Well... it is unpythonic in that sets and items are treated differently 
in Python (except the oddball case of strings, as you mention).  It's 
more a question of whether it is justifiably unpythonic... and I'm not 
disputing that it can be.

>     Some things in jQuery are a result of Javascript, where the
>     equivalent in Python would use a different syntax.  For instance:
> 
>      >>> p.attr("id")
>      'hello'
>      >>> p.attr("id", "plop")
>      []
> 
>     Would more typically be:
> 
>      >>> p.attrib['id']
>      'hello'
>      >>> p.attrib['id'] = 'plop'
> 
>     Javascript just doesn't have anything like __getitem__/__setitem__,
>     and doesn't really have getters and setters (at least on many
>     browsers) so it also has to use functions to get and set values.
>      Also note you don't allow things like p.attr('id', None), which
>     should be valid (probably meaning an attribute deletion).
> 
> 
> attr('id', None) doesn't work, but it doesn't work in jquery either, 
> there actually is a method called removeAttr for that purpose.

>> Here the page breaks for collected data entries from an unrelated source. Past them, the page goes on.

(* Let $X$ be a compact metric space and $(f_n)_{n\ge1}$ a sequence of continuous maps $X\to X$ converging uniformly to a function $\phi\colon X\to X$. Then $\phi^q\circ f_1^p=f_1^{p+q}$ for every $p\in\mathbb{N}^*$ and every $q\in\beta(\mathbb{N})$. In particular, the Ellis semigroup $E(X,\phi)$ acts on $E(X,f_{1,\infty})^*$: $h\circ g\in E(X,f_{1,\infty})^*$ for all $h\in E(X,\phi)$ and $g\in E(X,f_{1,\infty})^*$.
   Context: $\mathbb{N}=\{1,2,\dots\}$, $\beta(\mathbb{N})$ the ultrafilters on $\mathbb{N}$ (principal ones identified with $n\in\mathbb{N}$), $\mathbb{N}^*$ the free ones. For $r\in\mathbb{N}^*$, $r\text{-}\lim_n x_n$ is the unique $y$ with $\{n:x_n\in V\}\in r$ for all neighbourhoods $V$ of $y$. $f_1^n=f_n\circ\cdots\circ f_1$, $f_1^r(x)=r\text{-}\lim_n f_1^n(x)$ for $r\in\mathbb{N}^*$, $E(X,f_{1,\infty})^*=\{f_1^r:r\in\mathbb{N}^*\}$. $\phi^n$ is the $n$-fold composition, $\phi^q(x)=q\text{-}\lim_n\phi^n(x)$ for $q\in\mathbb{N}^*$, and $E(X,\phi)$ is the closure of $\{\phi^n:n\in\mathbb{N}\}$ in $X^X$ (pointwise topology), which equals $\{\phi^q:q\in\beta(\mathbb{N})\}$. Addition on $\beta(\mathbb{N})$: $p+q=\{A:\{n:\{m:m+n\in A\}\in p\}\in q\}$. *)

From HB Require Import structures.
From mathcomp Require Import all_boot all_order all_algebra.
From mathcomp Require Import all_classical all_reals all_analysis.
From Stdlib Require Import ClassicalEpsilon.
Set Implicit Arguments. Unset Strict Implicit. Unset Printing Implicit Defensive.
Import Order.TTheory GRing.Theory Num.Theory.
Local Open Scope classical_set_scope.
Local Open Scope ring_scope.

(* Ultrafilters on N = {1,2,...}: ultrafilters on nat containing the positive integers. *)
Definition betaN (r : set_system nat) : Prop :=
  UltraFilter r /\ r [set n | (0 < n)%N].

Definition freeU (r : set_system nat) : Prop :=
  betaN r /\ forall n : nat, ~ r [set n].

Definition addU (p q : set_system nat) : set_system nat :=
  [set A | q [set n | p [set m | A (m + n)%N]]].

Definition is_ulim {T : topologicalType} (r : set_system nat) (s : nat -> T) (y : T) : Prop :=
  forall V, nbhs y V -> r [set n | V (s n)].

(* r-lim_n s_n: "the" y which is an r-limit of s (unique in a Hausdorff space) *)
Definition ulim {T : topologicalType} (r : set_system nat) (s : nat -> T) : T :=
  epsilon (inhabits (s 0%N)) (fun y => is_ulim r s y).

(* f_1^n = f_n o ... o f_1 (f_1^0 = id; f 0 is never used) *)
Fixpoint comp1 {T : Type} (f : nat -> T -> T) (n : nat) : T -> T :=
  match n with
  | 0%N => id
  | k.+1 => f k.+1 \o comp1 f k
  end.

Definition f1r {T : topologicalType} (f : nat -> T -> T) (r : set_system nat) : T -> T :=
  fun x => ulim r (fun n => comp1 f n x).

Definition phiq {T : topologicalType} (phi : T -> T) (q : set_system nat) : T -> T :=
  fun x => ulim q (fun n => iter n phi x).

Definition Estar {T : topologicalType} (f : nat -> T -> T) : set (T -> T) :=
  [set g | exists r, freeU r /\ g = f1r f r].

Definition Ellis {T : topologicalType} (phi : T -> T) : set (T -> T) :=
  closure ([set iter n phi | n in [set n : nat | (0 < n)%N]] : set {ptws T -> T}).

Definition unif_cvg {R : realType} {T : pseudoMetricType R}
  (f : nat -> T -> T) (phi : T -> T) : Prop :=
  forall e : R, 0 < e -> \forall n \near \oo, forall x : T, ball (phi x) e (f n x).

From mathcomp Require Import all_boot all_order all_algebra.
From mathcomp Require Import all_classical all_reals all_analysis.
From Stdlib Require Import ClassicalEpsilon.
Set Implicit Arguments. Unset Strict Implicit. Unset Printing Implicit Defensive.
Import Order.TTheory GRing.Theory Num.Theory.
Local Open Scope classical_set_scope.
Local Open Scope ring_scope.

(* A uniform limit of continuous maps is continuous, and a free ultrafilter p
   contains every tail of N.  Hence, once f_1^m(x) tends to y along p, so does
   f_{m+n+1}(f_1^{m+n}(x)) to phi(phi^n(y)): the extra map is uniformly close
   to phi for large indices.  By induction the p-limit of f_1^{m+n}(x) is
   phi^n(f_1^p(x)), and taking the q-limit in n of these p-limits is exactly
   the (p+q)-limit of f_1^m(x).  For the second claim, each h in E(X,phi) is
   phi^q for any ultrafilter q refining the trace on N of the neighbourhoods
   of h, so h o f_1^p = f_1^(p+q) with p + q free. *)

Lemma ulim_unique {T : topologicalType} (r : set_system nat) {Pr : ProperFilter r}
    (s : nat -> T) y :
  hausdorff_space T -> is_ulim r s y -> ulim r s = y.
Proof.
move=> hT sy.
have sr : is_ulim r s (ulim r s) by apply: epsilon_spec; exists y.
exact: (@cvg_unique _ hT (s @ r) _ _ _ sr sy).
Qed.

Lemma is_ulim_compact {T : topologicalType} (r : set_system nat) (s : nat -> T) :
  compact [set: T] -> UltraFilter r -> is_ulim r s (ulim r s).
Proof.
move=> cT Ur; apply: epsilon_spec.
have [y [_ /= cy]] := cT (s @ r) _ (@filterT _ _ _).
exists y => V yV.
have [//|rC] := in_ultra_setVsetC [set n | V (s n)] Ur.
by have [z [/= + Vz]] := cy (~` V) V rC yV.
Qed.

Section PseudoMetricUltraLimits.
Context {R : realType} {X : pseudoMetricType R}.

Lemma is_ulim_ballP (r : set_system nat) {Fr : Filter r} (s : nat -> X) y :
  is_ulim r s y <-> forall e : R, 0 < e -> r [set n | ball y e (s n)].
Proof.
split => [sy e e0|sy V /nbhs_ballP [e /= e0 sV]].
- by apply: sy; exact: nbhsx_ballx.
- by apply: filterS (sy e e0) => n; exact: sV.
Qed.

Lemma is_ulim_addU (p q : set_system nat) {Fp : Filter p} {Fq : Filter q}
    (s z : nat -> X) w :
  (forall n, is_ulim p (fun m => s (m + n)%N) (z n)) -> is_ulim q z w ->
  is_ulim (addU p q) s w.
Proof.
move=> sz zw V /nbhs_ballP [e /= e0 sV].
have e2 : 0 < e / 2 by rewrite divr_gt0.
apply: filterS (zw _ (nbhsx_ballx w _ e2)) => n /= wzn.
apply: filterS (sz n _ (nbhsx_ballx (z n) _ e2)) => m /= zsm.
by apply: sV; rewrite [e]splitr; exact: ball_triangle wzn zsm.
Qed.

End PseudoMetricUltraLimits.

Lemma freeU_tail (r : set_system nat) N : freeU r -> r [set m | (N <= m)%N].
Proof.
move=> [[Ur _] r_free]; elim: N => [|N IH]; first exact: filterS (@filterT _ _ _).
have [//|rC] := in_ultra_setVsetC [set m | (N.+1 <= m)%N] Ur.
exfalso; apply: (r_free N); apply: filterS (filterI IH rC) => m [/= Nm].
by move/negP; rewrite -leqNgt => mN; apply/eqP; rewrite eqn_leq mN.
Qed.

Section AddUltra.
Variables p q : set_system nat.

Lemma addU_filter : Filter p -> Filter q -> Filter (addU p q).
Proof.
move=> Fp Fq; split => [|A B|A B AB]; rewrite /addU /=.
- by apply: filterS (@filterT _ q _) => n _; exact: filterT.
- by move=> qA qB; apply: filterS (filterI qA qB) => n [/= pA pB]; exact: filterI.
- by apply: filterS => n /=; apply: filterS => m /=; exact: AB.
Qed.

Lemma addU_proper : ProperFilter p -> ProperFilter q -> ProperFilter (addU p q).
Proof.
move=> Pp Pq; split; last by apply: addU_filter; exact: filter_filter.
rewrite /addU => /= q0; have [n /= pn] := filter_ex q0.
by have [m] := filter_ex pn.
Qed.

Lemma addU_ultra : UltraFilter p -> UltraFilter q -> UltraFilter (addU p q).
Proof.
move=> Up Uq; split; first exact: addU_proper.
move=> G PG pqG; rewrite predeqE => A; split => [GA|]; last exact: pqG.
have [//|qC] := in_ultra_setVsetC [set n | p [set m | A (m + n)%N]] Uq.
have pqC : addU p q (~` A).
  apply: filterS qC => n /= npA.
  by have [//|] := in_ultra_setVsetC [set m | A (m + n)%N] Up.
by have [z []] := filter_ex (filterI GA (pqG _ pqC)).
Qed.

Lemma freeU_addU : freeU p -> betaN q -> freeU (addU p q).
Proof.
move=> [[Up p_pos] p_free] [Uq q_pos].
split; first split; first exact: addU_ultra.
- apply: filterS (@filterT _ q _) => n _; apply: filterS p_pos => m /= m0.
  by rewrite addn_gt0 m0.
- move=> k; rewrite /addU => /= qk; have [n /= pn] := filter_ex qk.
  apply: (p_free (k - n)%N).
  by apply: filterS pn => m /= <-; rewrite addnK.
Qed.

End AddUltra.

Section UniformLimit.
Context {R : realType} {X : pseudoMetricType R}.
Variables (f : nat -> X -> X) (phi : X -> X).
Hypothesis f_cont : forall n : nat, (0 < n)%N -> continuous (f n).
Hypothesis f_unif : unif_cvg f phi.

Lemma unif_cvg_uniform : {uniform, f @ \oo --> phi}.
Proof.
move=> P /uniform_nbhs [E [+ EP]]; rewrite -entourage_from_ballE.
move=> [e /= e0 eE]; apply: filterS (f_unif e0) => n fn.
by apply: EP => x _; apply: eE; exact: fn.
Qed.

Lemma unif_cvg_continuous : continuous phi.
Proof.
apply: (uniform_limit_continuous _ _ unif_cvg_uniform).
by exists 1%N => // n /=; exact: f_cont.
Qed.

Lemma is_ulim_unif_step (p : set_system nat) (s : nat -> X) y k : freeU p ->
  is_ulim p s y -> is_ulim p (fun m => f (m + k).+1 (s m)) (phi y).
Proof.
move=> p_free sy; have [[[[_ Fp] _] _] _] := p_free.
apply/is_ulim_ballP => e e0; have e2 : 0 < e / 2 by rewrite divr_gt0.
have [N _ fN] := f_unif e2.
have phi_s : p [set m | ball (phi y) (e / 2) (phi (s m))].
  exact: sy _ (unif_cvg_continuous (nbhsx_ballx _ _ e2)).
apply: filterS (filterI phi_s (freeU_tail N p_free)) => m [/= ys Nm].
rewrite [e]splitr; apply: ball_triangle ys (fN _ _ (s m)) => /=.
exact: leq_trans Nm (leqW (leq_addr k m)).
Qed.

Lemma is_ulim_comp1_shift (p : set_system nat) x y : freeU p ->
  is_ulim p (comp1 f ^~ x) y ->
  forall n, is_ulim p (fun m => comp1 f (m + n) x) (iter n phi y).
Proof.
move=> p_free xy; elim=> [|n IH].
  by under eq_fun do rewrite addn0.
under eq_fun do rewrite addnS.
exact: is_ulim_unif_step p_free IH.
Qed.

End UniformLimit.

Lemma phiq_comp_f1r (R : realType) (X : metricType R)
    (f : nat -> X -> X) (phi : X -> X) (p q : set_system nat) :
  compact [set: X] -> (forall n : nat, (0 < n)%N -> continuous (f n)) ->
  unif_cvg f phi -> freeU p -> betaN q ->
  phiq phi q \o f1r f p = f1r f (addU p q).
Proof.
move=> cX f_cont f_unif p_free [Uq _]; have [[Up _] _] := p_free.
have Upq := addU_ultra Up Uq.
apply/funext => x /=; apply/esym/ulim_unique; first exact: metric_hausdorff.
rewrite /phiq; apply: (is_ulim_addU (s := comp1 f ^~ x) _ (is_ulim_compact cX Uq)).
exact: (is_ulim_comp1_shift (x := x) f_cont f_unif p_free (is_ulim_compact cX Up)).
Qed.

Lemma Ellis_phiq {T : topologicalType} (phi h : T -> T) :
  hausdorff_space T -> Ellis phi h -> exists2 q, betaN q & h = phiq phi q.
Proof.
move=> hT Eh.
(* The trace on N of the neighbourhood filter of h along n |-> phi^n; it is
   proper since h adheres to the positive iterates of phi. *)
pose F : set_system nat := [set A | exists2 B : set {ptws T -> T},
  nbhs (h : {ptws T -> T}) B & [set n | (0 < n)%N /\ B (iter n phi)] `<=` A].
have PF : ProperFilter F.
  split.
  - move=> [B hB B0]; have [g [[n /= n0 <-] Bn]] := Eh B hB.
    exact: (B0 n).
  - split=> [|A1 A2 [B1 hB1 sB1] [B2 hB2 sB2]|A1 A2 A12 [B hB sB]].
    + by exists setT; [exact: filterT|].
    + exists (B1 `&` B2); first exact: filterI.
      by move=> n [/= n0 [b1 b2]]; split; [apply: sB1|apply: sB2].
    + by exists B => // n /sB; exact: A12.
have [q [Uq Fq]] := ultraFilterLemma PF.
exists q; first by split=> //; apply: Fq; exists setT => [|n []//]; exact: filterT.
apply/funext => x; apply/esym/ulim_unique => // V hxV; apply: Fq.
by exists (proj x @^-1` V) => [|n []//]; exact: proj_continuous.
Qed.

Theorem theorem3p9 (R : realType) (X : metricType R)
  (f : nat -> X -> X) (phi : X -> X) :
  compact [set: X] ->
  (forall n : nat, (0 < n)%N -> continuous (f n)) ->
  unif_cvg f phi ->
  (forall p q : set_system nat, freeU p -> betaN q ->
     phiq phi q \o f1r f p = f1r f (addU p q)) /\
  (forall h g : X -> X, Ellis phi h -> Estar f g -> Estar f (h \o g)).
Proof.
move=> cX f_cont f_unif.
have phiq_f1r := phiq_comp_f1r cX f_cont f_unif.
split; first exact: phiq_f1r.
move=> h _ /(Ellis_phiq (@metric_hausdorff _ X)) [q q_beta ->] [p [p_free ->]].
by exists (addU p q); split; [exact: freeU_addU | exact: phiq_f1r].
Qed.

Well, it would be easy to make it work, just don't use None as your 
sentinel.

> You're right, jquery isn't always perfectly pythonic, it doesn't use 
> setters, and method names use the hungarian notation which isn't 
> pythonic and which I don't like. But it is object oriented (very much 
> so) and allow "streamed" method application, calling method over method 
> over method on the same object, which you can't do if you use a python 
> setter. Also jquery misses a method to access the full html string of a 
> tag (you can only access innerHtml) which sucks.

There's a very small (4-line?) outerHtml plugin for jquery, BTW.

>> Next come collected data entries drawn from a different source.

(* In the setting described in the context, $R_{t\infty}\ge R_{s\infty}$ (almost surely) for all $t\ge s\ge0$.
   Context: Let $(\Omega,\mathcal F,\mathbb P)$ be a probability space with a filtration $\{\mathcal F_t\}_{t\ge0}$ satisfying the usual conditions; (in)equalities between random variables hold a.s. A pricing kernel is an $\{\mathcal F_t\}$-adapted càdlàg semimartingale $\{\pi_t\}_{t\ge0}$ with (a) $\pi_t>0$, (b) $\mathbb E[\pi_t]<\infty$ for all $t\ge0$, (c) $\liminf_{t\to\infty}\mathbb E[\pi_t]=0$. Fix such a pricing kernel and set $P_{tT}=\pi_t^{-1}\mathbb E[\pi_T\mid\mathcal F_t]$ for $0\le t<T$. The exponential rate is $R_{tT}=-(T-t)^{-1}\ln P_{tT}$. For a family $\{A_x\}_{x\in\mathbb R^+}$ of $\mathcal F_t$-measurable extended-real random variables, $\limsup_{x\to\infty}A_x:=\operatorname{ess\,inf}_{x}\operatorname{ess\,sup}_{y\ge x}A_y$, with essential supremum/infimum taken among $\mathcal F_t$-measurable random variables. The long exponential rate is $R_{t\infty}=\limsup_{T\to\infty}R_{tT}$. *)

From HB Require Import structures.
From mathcomp Require Import all_boot all_order all_algebra.
From mathcomp Require Import all_classical all_reals all_analysis.
From mathcomp Require Import measurable_realfun.
Set Implicit Arguments. Unset Strict Implicit. Unset Printing Implicit Defensive.
Import Order.TTheory GRing.Theory Num.Theory.
Import numFieldNormedType.Exports.
Local Open Scope classical_set_scope.
Local Open Scope ring_scope.

Section Defs.
Context (R : realType) (d : measure_display) (Omega : measurableType d)
        (P : probability Omega R).

Definition G_measurable (G : set (set Omega)) (f : Omega -> R) :=
  forall B : set R, measurable B -> G (f @^-1` B).
Definition G_emeasurable (G : set (set Omega)) (f : Omega -> \bar R) :=
  forall B : set (\bar R), measurable B -> G (f @^-1` B).

(* a filtration {F_t}_{t >= 0} of sub-sigma-algebras of the measurable sets
   satisfying the usual conditions (right-continuity and completeness:
   F_0 contains every P-negligible set, hence so does F) *)
Definition usual_filtration (F : R -> set (set Omega)) :=
  [/\ forall t, 0 <= t -> sigma_algebra setT (F t),
      forall t, 0 <= t -> F t `<=` measurable,
      forall s t, 0 <= s -> s <= t -> F s `<=` F t,
      forall t, 0 <= t -> forall A, (forall u, t < u -> F u A) -> F t A
    & forall N, P.-negligible N -> F 0 N].

Definition adapted (F : R -> set (set Omega)) (X : R -> Omega -> R) :=
  forall t, 0 <= t -> G_measurable (F t) (X t).

Definition cadlag (X : R -> Omega -> R) :=
  forall w, (forall t, 0 <= t -> (X x w @[x --> t^'+]) --> X t w) /\
            (forall t, 0 < t -> cvg (X x w @[x --> t^'-])).

Definition stopping_time (F : R -> set (set Omega)) (tau : Omega -> \bar R) :=
  (forall w, (0 <= tau w)%E) /\
  (forall t, 0 <= t -> F t [set w | (tau w <= t%:E)%E]).

Definition stopped (tau : Omega -> \bar R) (X : R -> Omega -> R) : R -> Omega -> R :=
  fun t w => X (match tau w with EFin r => Order.min t r | _ => t end) w.

Definition martingale (F : R -> set (set Omega)) (M : R -> Omega -> R) :=
  [/\ adapted F M,
      forall t, 0 <= t -> P.-integrable setT (EFin \o M t)
    & forall s t, 0 <= s -> s <= t -> forall A, F s A ->
        (\int[P]_(w in A) (M t w)%:E = \int[P]_(w in A) (M s w)%:E)%E].

Definition local_martingale (F : R -> set (set Omega)) (M : R -> Omega -> R) :=
  [/\ adapted F M, cadlag M, (forall w, M 0 w = 0) &
    exists tau : nat -> Omega -> \bar R,
      [/\ forall n, stopping_time F (tau n),
          forall n w, (tau n w <= tau n.+1 w)%E,
          (\forall w \ae P, (tau n w @[n --> \oo] --> +oo%E))
        & forall n, martingale F (stopped (tau n) M)]].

> On the other hand it is has the advantage of being simple,  well known, 
> used and documented API. So it felt like it would already be good to 
> replicate it. Also reproducing the jquery API has the advantage of 
> making it trivial to move a functionality in a web application from 
> server to client, or client to server. And then if people started using 
> it and if there was a consensus that it should be changed it could 
> always be done then. But I'm open enough if you have a vision of a 
> better API, but it would have to be a significantly better API to 
> compensate for the fact of not using a well known API.

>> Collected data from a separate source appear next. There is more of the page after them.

Lemma init_run (ps : seq nat) pre rest :
  x = pre ++ flatten (map enat ps) ++ eSemi :: rest ->
  srun InitStart (size pre).+1
    (flatten (map (@etrans _) [seq (0, startL Sigma, p.+2) | p <- ps]))
    FinStart (size (pre ++ flatten (map enat ps) ++ [:: eSemi])).+1.
Proof.
elim: ps pre => [|p ps IH] pre Ex /=; first exact: srun_read Ex _.
have Ep : x = pre ++ enat p ++ (flatten (map enat ps) ++ eSemi :: rest) by rewrite Ex -!catA.
have Eps : x = (pre ++ enat p) ++ flatten (map enat ps) ++ eSemi :: rest by rewrite Ep -!catA.
have R0 : srun InitStart (size pre).+1 init_out InitState (size pre).+1.
  by apply: (srun_step (m := mS)); case: (read_in_enat Ep) => ->.
have R1 := srun_unary (delta := rdelta) (q := InitState) (q' := InitStart) (suf := [::]) erefl erefl Ep.
apply: srun_conv (srun_cat R0 (srun_cat R1 (IH _ Eps))) _ _.
  by rewrite /init_out /etrans -!catA.
by rewrite -!catA.
Qed.

Lemma fin_run (qs : seq nat) pre rest :
  x = pre ++ flatten (map enat qs) ++ eSemi :: rest ->
  srun FinStart (size pre).+1
    (flatten (map (@etrans _) [seq (q.+2, endL Sigma, 1) | q <- qs]) ++ last_out)
    Done (size (pre ++ flatten (map enat qs) ++ [:: eSemi])).+1.
Proof.
elim: qs pre => [|q qs IH] pre Ex /=; first exact: srun_read Ex _.
have Eq : x = pre ++ enat q ++ (flatten (map enat qs) ++ eSemi :: rest) by rewrite Ex -!catA.
have Eqs : x = (pre ++ enat q) ++ flatten (map enat qs) ++ eSemi :: rest by rewrite Eq -!catA.
have R0 : srun FinStart (size pre).+1 [:: eOne; eOne] FinState (size pre).+1.
  by apply: (srun_step (m := mS)); case: (read_in_enat Eq) => ->.
have R1 := srun_unary (delta := rdelta) (q := FinState) (q' := FinStart) (suf := fin_out) erefl erefl Eq.
apply: srun_conv (srun_cat R0 (srun_cat R1 (IH _ Eqs))) _ _.
  by rewrite /fin_out /etrans -!catA.
by rewrite -!catA.
Qed.

End ReductionMachine.

Lemma red_tm_computes (Sigma : finType) (A : nfa (letter2 Sigma)) s :
  computes_in_space (red_tm Sigma) (enc_nfa A) (enc_graph_nodes (red_graph A) 0 1) s.
Proof.
set T := flatten (map (@etrans _) (ntrans A)).
set I := flatten (map enat (ninit A)).
set F := flatten (map enat (nfin A)).
have ET : enc_nfa A = [::] ++ T ++ eSemi :: ((I ++ [:: eSemi]) ++ F ++ [:: eSemi]).
  by rewrite /enc_nfa /elist -!catA.
have EI : enc_nfa A = (T ++ [:: eSemi]) ++ I ++ eSemi :: (F ++ [:: eSemi]).
  by rewrite /enc_nfa /elist -!catA.
have EF : enc_nfa A = ((T ++ [:: eSemi]) ++ (I ++ [:: eSemi])) ++ F ++ eSemi :: [::].
  by rewrite /enc_nfa /elist -!catA.
have R := srun_cat (count_run Sigma (enc_nfa A))
            (srun_cat (rewind_run Sigma (leqnn _))
            (srun_cat (trans_run ET) (srun_cat (init_run Sigma EI) (fin_run Sigma EF)))).
apply: (srun_computes (@rdelta_bound Sigma) s (srun_conv R _ erefl)); last first.
  by case: (read_in _ _).
by rewrite /enc_graph_nodes /elist /last_out !map_cat !flatten_cat -!catA.
Qed.

Theorem mainTheorem4 :
  forall (Sigma : finType) (S : seq Sigma -> seq Sigma -> Prop),
  exists (Gam : finType) (iota : Sigma -> Gam) (phi : ecrpq Gam),
    injective iota /\ ecrpq_wf phi /\
    exists (M : TM) (c : nat),
      forall A : nfa {ffun 'I_2 -> option Sigma},
        reg2_nfa A ->
        exists (g : graph Gam) (v v' : nat),
          graph_wf g /\ v < gn g /\ v' < gn g /\
          computes_in_space M (enc_nfa A) (enc_graph_nodes g v v')
            (c * trunc_log 2 (size (enc_nfa A)) + c) /\
          (ecrpq_sat (lift_rel iota S) g phi v v' <->
             exists w1 w2, rel_of2 A w1 w2 /\ S w1 w2).
Proof.
move=> Sigma S.
exists (Gam Sigma), (@iotaG Sigma), (phi Sigma).
split; first exact: iotaG_inj.
split; first exact: phi_wf.
exists (red_tm Sigma), 1 => A _.
exists (red_graph A), 0, 1.
split; first exact: red_graph_wf.
do 2!split => //.
split; first exact: red_tm_computes.
split; first exact: reduction_sound.
by case=> w1 [w2 [R Sw]]; exact: reduction_complete R Sw.
Qed.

I think there are arguably places where setters and getters are just 
simpler and look nicer.  I guess I see the jQuery technique for these 
specifically as a way of turning a deficiency in Javascript (lack of 
getters and setters) into an advantage (chaining)... but I'm not sure 
it's enough of an advantage to make it worth it.

For instance, el.html and el.html = '...' seems nicer to me than 
el.html() and el.html('...'), and all you lose is the ability to do 
something like el.html('...').attr('foo', 'bar'), and that doesn't seem 
like such a big thing.

Also there's two APIs: jQuery and lxml.  There's some advantage to 
reusing the lxml APIs as well, I think, so that for instance el.attrib 
and el.get().attrib are the same.  (I'm not sure you actually 
implemented .get()?)

It might be good, or it might be sloppy, to actually support both APIs 
to the degree they don't overlap (e.g., .attr vs. .attrib).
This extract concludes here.